Information shown.
Let height_lipschitz a b : a <= b ->
  height r m (g b) <= height r m (g a) + (b - a) /\
  height r m (g a) <= height r m (g b) + (b - a).
Proof.
move=> le_ab; rewrite -{1 3}(subnKC le_ab); elim: (b - a) => [|t IH].
  by rewrite !addn0.
have := twin_adj_height_step (g_lt (a + t)) (g_lt (a + t).+1) (g_adj (a + t)).
by rewrite (addnS a t); lia.
Qed.

Let height_gap a b : 2 * height r m (g b) <= 2 * height r m (g a) + L.
Proof.
rewrite -g_mod -(g_mod a); have := ltn_pmod a L_gt0; have := ltn_pmod b L_gt0.
move: (a %% L) (b %% L) => {}a {}b lt_bL lt_aL.
have [le_ab|lt_ba] := leqP a b.
  have le_b_aL : b <= a + L by lia.
  have := height_lipschitz le_ab; have := height_lipschitz le_b_aL.
  by rewrite g_addL; lia.
have le_a_bL : a <= b + L by lia.
have := height_lipschitz (ltnW lt_ba); have := height_lipschitz le_a_bL.
by rewrite g_addL; lia.
Qed.

Let walk_meets_base : exists a, layer r m (g a) = 0.
Proof.
apply: contrapT => no_base.
have height_parity j : odd (height r m (g j.+1)) = ~~ odd (height r m (g j)).
  have := twin_adj_height (g_lt j) (g_lt j.+1) (g_adj j).
  have : layer r m (g j) != 0 by apply/eqP => base; apply: no_base; exists j.
  by lia.
have parity j : odd (height r m (g j)) = odd j (+) odd (height r m (g 0)).
  by elim: j => [|j IH] //; rewrite height_parity IH /=; case: (odd j); case: (odd _).
by have := parity L; rewrite -[g L]/(g (0 + L)) g_addL odd_L; case: (odd _).
Qed.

What you are asked to do.
The whole listing must be reproduced exactly. Do not skip a line.

Output for this exercise.
Let height_lipschitz a b : a <= b ->
  height r m (g b) <= height r m (g a) + (b - a) /\
  height r m (g a) <= height r m (g b) + (b - a).
Proof.
move=> le_ab; rewrite -{1 3}(subnKC le_ab); elim: (b - a) => [|t IH].
  by rewrite !addn0.
have := twin_adj_height_step (g_lt (a + t)) (g_lt (a + t).+1) (g_adj (a + t)).
by rewrite (addnS a t); lia.
Qed.

Let height_gap a b : 2 * height r m (g b) <= 2 * height r m (g a) + L.
Proof.
rewrite -g_mod -(g_mod a); have := ltn_pmod a L_gt0; have := ltn_pmod b L_gt0.
move: (a %% L) (b %% L) => {}a {}b lt_bL lt_aL.
have [le_ab|lt_ba] := leqP a b.
  have le_b_aL : b <= a + L by lia.
  have := height_lipschitz le_ab; have := height_lipschitz le_b_aL.
  by rewrite g_addL; lia.
have le_a_bL : a <= b + L by lia.
have := height_lipschitz (ltnW lt_ba); have := height_lipschitz le_a_bL.
by rewrite g_addL; lia.
Qed.

Let walk_meets_base : exists a, layer r m (g a) = 0.
Proof.
apply: contrapT => no_base.
have height_parity j : odd (height r m (g j.+1)) = ~~ odd (height r m (g j)).
  have := twin_adj_height (g_lt j) (g_lt j.+1) (g_adj j).
  have : layer r m (g j) != 0 by apply/eqP => base; apply: no_base; exists j.
  by lia.
have parity j : odd (height r m (g j)) = odd j (+) odd (height r m (g 0)).
  by elim: j => [|j IH] //; rewrite height_parity IH /=; case: (odd j); case: (odd _).
by have := parity L; rewrite -[g L]/(g (0 + L)) g_addL odd_L; case: (odd _).
Qed.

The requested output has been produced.